Behind this move was the notion of the “gender pay gap”, the difference between average pay rates for men and for women, and how it “must be closed”. Ms Harman quoted the gap at 23%. But she chose to include part-timers – mostly low paid women – producing a far higher figure than the official ONS estimate of less than 13% which is for full-time employees and may be regarded as a significantly more meaningful statistic. Figures apart, there is the implication in Ms Harman’s comments that the gap was the result of “unfair” discrimination against women by employers. Yet this accusation is ill-supported by a strong body of research and survey evidence that shows the pay gap can overwhelmingly be explained by the different career and lifestyle choices of individual men and individual women. The implicit accusation against employers is therefore a grossly unfair slur.

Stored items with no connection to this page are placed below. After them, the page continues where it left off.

(* Let $2\leq r\leq n$ be integers and $(s_2,\ldots,s_r)\in\mathbb{N}^{r-1}$. Then there exists an integer $N$ (depending on $n$ and $(s_2,\ldots,s_r)$) such that $\overline{H}_n(s_1,s_2,\ldots,s_r)$ is not an integer for every positive integer $s_1>N$.
   Context: $\mathbb{N}$ is the set of positive integers and $\overline{H}_n(s_1,\ldots,s_r)=\sum_{0\leq k_1<\cdots<k_r\leq n-1}\prod_{j=1}^r (2k_j+1)^{-s_j}$. *)

From mathcomp Require Import all_boot all_order all_algebra.
Set Implicit Arguments. Unset Strict Implicit. Unset Printing Implicit Defensive.
Import Order.TTheory GRing.Theory Num.Theory.
Local Open Scope ring_scope.

Definition Hbar (n : nat) (s : seq nat) : rat :=
  \sum_(k : (size s).-tuple 'I_n | sorted ltn (map val k))
     \prod_(j < size s) (((2 * tnth k j).+1)%:R ^- (nth 0%N s j)).

From mathcomp Require Import all_boot all_order all_algebra.
From mathcomp Require Import zify.
Import Order.TTheory GRing.Theory Num.Theory.
Local Open Scope ring_scope.

(* Split the sum according to whether k_1 = 0. The terms with k_1 = 0 do not
   involve s_1 and add up to a constant A; every other term carries a factor
   (2 k_1 + 1)^(-s_1) <= 3^(-s_1), so their total B(s_1) tends to 0, and it is
   positive when r < n because the index tuple (1, ..., r) occurs. Hence
   floor A < A + B(s_1) < floor A + 1 for large s_1. When r = n the only index
   tuple is (0, ..., n-1), so Hbar_n is a product of reciprocals of odd numbers
   containing the factor 3^(-s_2) < 1, and it lies strictly between 0 and 1. *)

Lemma natS_expV_gt0 {R : numFieldType} (a e : nat) : 0 < (a.+1)%:R ^- e :> R.
Proof. by rewrite invr_gt0 exprn_gt0 ?ltr0Sn. Qed.

Lemma natS_expV_le1 {R : numFieldType} (a e : nat) : (a.+1)%:R ^- e <= 1 :> R.
Proof. by rewrite invf_le1 ?exprn_gt0 ?ltr0Sn // exprn_ege1 // ler1n. Qed.

Lemma natS_expV_lt1 {R : numFieldType} (a e : nat) :
  (0 < a)%N -> (0 < e)%N -> (a.+1)%:R ^- e < 1 :> R.
Proof.
move=> a_gt0 e_gt0.
by rewrite invf_lt1 ?exprn_gt0 ?ltr0Sn // exprn_egt1 ?ltr1n ?ltnS -?lt0n.
Qed.

Lemma oddS_expV_le {R : numFieldType} (a e : nat) :
  (0 < a)%N -> ((2 * a).+1)%:R ^- e <= (3 ^ e)%:R^-1 :> R.
Proof.
move=> a_gt0; rewrite natrX lef_pV2 ?posrE ?exprn_gt0 ?ltr0Sn //.
by rewrite lerXn2r ?nnegrE ?ler0n // ler_nat; lia.
Qed.

Lemma not_int_between {R : numDomainType} (x : R) (m : int) :
  m%:~R < x < (m + 1)%:~R -> ~ exists z : int, x = z%:~R.
Proof. by case/andP=> + + [z xz]; rewrite xz !ltr_int; lia. Qed.

Lemma not_int_addr_small {R : archiRealFieldType} (x y : R) :
  0 < y -> y < (Num.floor x + 1)%:~R - x -> ~ exists z : int, x + y = z%:~R.
Proof.
move=> y_gt0 y_lt; apply: (@not_int_between _ _ (Num.floor x)).
apply/andP; split.
  by rewrite -[_%:~R]addr0 ler_ltD // floor_le.
by rewrite -ltrBrDl.
Qed.

Lemma natr_div_expn_eventually_lt {R : archiNumFieldType}
    (q M : nat) (eps : R) :
  (1 < q)%N -> 0 < eps ->
  exists N : nat, forall e, (N < e)%N -> M%:R / (q ^ e)%:R < eps.
Proof.
move=> q_gt1 eps_gt0.
have M_eps_ge0 : 0 <= M%:R / eps by rewrite divr_ge0 ?ler0n ?ltW.
exists (Num.Def.archi_bound (M%:R / eps)) => e N_lt_e.
have qe_gt0 : 0 < (q ^ e)%:R :> R by rewrite ltr0n expn_gt0; lia.
rewrite ltr_pdivrMr // mulrC -ltr_pdivrMr //.
apply: (lt_trans (archi_boundP M_eps_ge0)); rewrite ltr_nat.
exact: ltn_trans N_lt_e (ltn_expl _ q_gt1).
Qed.

Lemma map_val_ord_tuple (n : nat) : map val (ord_tuple n) = iota 0 n.
Proof. by rewrite val_ord_tuple val_enum_ord. Qed.

Lemma sorted_ltn_ord_tuple (n : nat) (k : n.-tuple 'I_n) :
  sorted ltn (map val k) = (k == ord_tuple n).
Proof.
apply/idP/eqP=> [k_sorted | ->]; last first.
  by rewrite map_val_ord_tuple iota_ltn_sorted.
apply/val_inj/(inj_map val_inj); rewrite map_val_ord_tuple.
have k_uniq : uniq (map val k) := sorted_uniq ltn_trans ltnn k_sorted.
have k_sub : {subset map val k <= iota 0 n}.
  by move=> _ /mapP [i _ ->]; rewrite mem_iota add0n ltn_ord.
have k_size : (size (iota 0 n) <= size (map val k))%N.
  by rewrite size_iota size_map size_tuple.
have [_ k_eqi] := uniq_min_size k_uniq k_sub k_size.
exact: (irr_sorted_eq ltn_trans ltnn k_sorted (iota_ltn_sorted 0 n) k_eqi).
Qed.

Lemma Hbar_full (s : seq nat) :
  Hbar (size s) s = \prod_(j < size s) ((2 * j).+1)%:R ^- nth 0%N s j.
Proof.
rewrite /Hbar (big_pred1 (ord_tuple _)) => [|k]; last first.
  exact: sorted_ltn_ord_tuple.
by apply: eq_bigr => j _; rewrite tnth_ord_tuple.
Qed.

Lemma Hbar_full_gt0 (s : seq nat) : 0 < Hbar (size s) s.
Proof. by rewrite Hbar_full; apply: prodr_gt0 => j _; apply: natS_expV_gt0. Qed.

Lemma Hbar_full_lt1 (s : seq nat) (j : 'I_(size s)) :
  (0 < j)%N -> (0 < nth 0%N s j)%N -> Hbar (size s) s < 1.
Proof.
move=> j_gt0 sj_gt0; rewrite Hbar_full (bigD1 j) //=.
apply: (@le_lt_trans _ _ (((2 * j).+1)%:R ^- nth 0%N s j * 1)).
  rewrite ler_wpM2l ?(ltW (natS_expV_gt0 _ _)) //.
  by apply: prodr_ile1 => i _; rewrite (ltW (natS_expV_gt0 _ _)) natS_expV_le1.
by rewrite mulr1 natS_expV_lt1 ?muln_gt0.
Qed.

Section LeadingIndex.
Variables (n : nat) (s : seq nat).

Definition tail_weight (k : (size s).+1.-tuple 'I_n) : rat :=
  \prod_(j < size s) ((2 * tnth k (lift ord0 j)).+1)%:R ^- nth 0%N s j.

Definition Hbar_lead0 : rat :=
  \sum_(k : (size s).+1.-tuple 'I_n |
          sorted ltn (map val k) && (val (tnth k ord0) == 0%N))
    tail_weight k.

Definition Hbar_leadpos (e : nat) : rat :=
  \sum_(k : (size s).+1.-tuple 'I_n |
          sorted ltn (map val k) && (val (tnth k ord0) != 0%N))
    ((2 * tnth k ord0).+1)%:R ^- e * tail_weight k.

Lemma Hbar_cons (e : nat) : Hbar n (e :: s) = Hbar_lead0 + Hbar_leadpos e.
Proof.
rewrite /Hbar (bigID (fun k => val (tnth k ord0) == 0%N)) /=.
congr (_ + _); apply: eq_bigr => k; last by rewrite big_ord_recl.
case/andP=> _ /eqP k0.
by rewrite big_ord_recl k0 muln0 mulr1n expr1n invr1 mul1r.
Qed.

Lemma tail_weight_gt0 k : 0 < tail_weight k.
Proof. by apply: prodr_gt0 => j _; apply: natS_expV_gt0. Qed.

Lemma tail_weight_le1 k : tail_weight k <= 1.
Proof.
by apply: prodr_ile1 => j _; rewrite (ltW (natS_expV_gt0 _ _)) natS_expV_le1.
Qed.

Lemma Hbar_leadpos_le (e : nat) :
  Hbar_leadpos e <= #|{: (size s).+1.-tuple 'I_n}|%:R / (3 ^ e)%:R.
Proof.
apply: (@le_trans _ _ (\sum_(k : (size s).+1.-tuple 'I_n) (3 ^ e)%:R^-1)).
  2: by rewrite sumr_const mulr_natl.
rewrite /Hbar_leadpos big_mkcond /=.
apply: ler_sum => k _; case: ifP => [/andP [_ k0_neq0] | _].
  rewrite -[leRHS]mulr1; apply: ler_pM.
  - exact/ltW/natS_expV_gt0.
  - exact/ltW/tail_weight_gt0.
  - by apply: oddS_expV_le; rewrite lt0n.
  - exact: tail_weight_le1.
by rewrite invr_ge0 ler0n.
Qed.

Lemma Hbar_leadpos_gt0 (e : nat) : ((size s).+1 < n)%N -> 0 < Hbar_leadpos e.
Proof.
move=> r_lt_n.
pose k1 := [tuple widen_ord r_lt_n (lift ord0 j) | j < (size s).+1].
have k1_sorted : sorted ltn (map val k1).
  rewrite /k1 /= -map_comp (@eq_map _ _ _ (succn \o val)) //.
  rewrite map_comp map_val_ord_tuple.
  exact: homo_sorted (iota_ltn_sorted 0 _).
rewrite /Hbar_leadpos (bigD1 k1) /=; last by rewrite k1_sorted tnth_mktuple.
apply: ltr_wpDr; last by rewrite mulr_gt0 ?natS_expV_gt0 ?tail_weight_gt0.
apply: sumr_ge0 => k _.
by rewrite mulr_ge0 // ltW ?natS_expV_gt0 ?tail_weight_gt0.
Qed.

End LeadingIndex.

Theorem lemma2p8 (n : nat) (s' : seq nat) :
  (1 <= size s')%N -> ((size s').+1 <= n)%N ->
  all (fun x => 0 < x)%N s' ->
  exists N : nat, forall s1 : nat, (N < s1)%N ->
    ~ (exists z : int, Hbar n (s1 :: s') = z%:~R).
Proof.
move=> s'_gt0 r_le_n s'_pos.
have [r_lt_n | n_le_r] := ltnP (size s').+1 n.
  pose A := Hbar_lead0 n s'.
  have gap_gt0 : 0 < (Num.floor A + 1)%:~R - A by rewrite subr_gt0 floorD1_gt.
  have [N small] := natr_div_expn_eventually_lt 3
    #|{: (size s').+1.-tuple 'I_n}| _ isT gap_gt0.
  exists N => s1 /small lt_gap; rewrite Hbar_cons.
  apply: not_int_addr_small; first exact: Hbar_leadpos_gt0.
  exact: le_lt_trans (Hbar_leadpos_le _ _ _) lt_gap.
exists 0%N => s1 _.
have -> : n = size (s1 :: s') by apply/eqP; rewrite eqn_leq r_le_n n_le_r.
apply: (@not_int_between _ _ 0); rewrite Hbar_full_gt0 add0r mulr1z /=.
have j1 : (1 < size (s1 :: s'))%N := s'_gt0.
apply: (@Hbar_full_lt1 _ (Ordinal j1)) => //=.
by apply: (allP s'_pos); apply: mem_nth.
Qed.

Yet on the basis of twisted logic, highly selective data (used for support rather than illumination as a drunk uses a lamp-post) and false accusations business is to be burdened with yet more unproductive, time-consuming red tape. The road ahead for the British economy is going to be tough, even once the worst of the recession is over, and we will be relying on business to pull us through. They deserve support, not bureaucratic and ideological nonsense.
A final note on this vexed subject, a certain business paper helpfully pointed out this morning that the gender pay gap for health department senior grades was minus 3.3%. By Ms Harman’s logic the health department discriminates against men. But that doesn’t matter.
I’ll end this post with a comment on the Budget. Of course, I understand the Chancellor, as a politician, has to defend his wretched government’s catastrophic economic record. But, having said that, I trust he appreciates the true scale of the disaster of the public finances and how he needs to shore up the confidence of the financial markets in order to find buyers for the £220bn of gilts issuance this year (£900bn over the next 5 years). Speculation of a buyers’ “strike” is already talked about. The very least he should have done under these circumstances was to provide an honest assessment of the fiscal crisis and outline a plausible path for the restoration of the public finances. But instead we were served party-political posturing and irresponsible procrastination.
However dreadful the Budget’s borrowing numbers were, and they were, the Budget was deficient in at least four ways. Firstly, his economic forecast was too optimistic and effectively blown out of the water when the GDP figure for the first quarter of this year was released last Friday. The economy would essentially have to be flat for the rest of the year for the Chancellor’s fall of 3½% in GDP for 2009 to be achieved. Public borrowing will almost certainly be higher, therefore, than forecast.
Secondly, some of the Chancellor’s “tightening” measures, including the spitefully political top rate of tax and the “efficiency savings”, will almost certainly not deliver the revenue and the savings pencilled into the Budget projections. Thirdly, the Budget had at its goal a balanced current budget by 2017-18. But, according to the Institute for Fiscal Studies, the measures announced by the Chancellor in the 2009 pre-Budget Report and Budget 2009 (taken together and at face value) would only “deliver” half of the tightening needed to achieve this goal. In other words, measures as yet unannounced would be required to achieve a current budget balance by 2017-18. The Chancellor tells us therefore how tough he would be, but doesn’t share with us how he’s going to achieve it.
Finally, the goal of a balanced budget in 2017-18 is far too remote and unambitious. Perhaps I am unnecessarily fretting about the markets, but surely the public finances will need to be brought to heel quicker than this. Suffice to say bringing the goal of a current balance forward would require much quicker and tougher tightening.
One thing is certain. By June 2010 we will have a new Government. They will inherent a poisoned chalice. How different it was in May 1997 when Gordon Brown inherited a Golden Legacy. “Things can only get better” we were told. Really?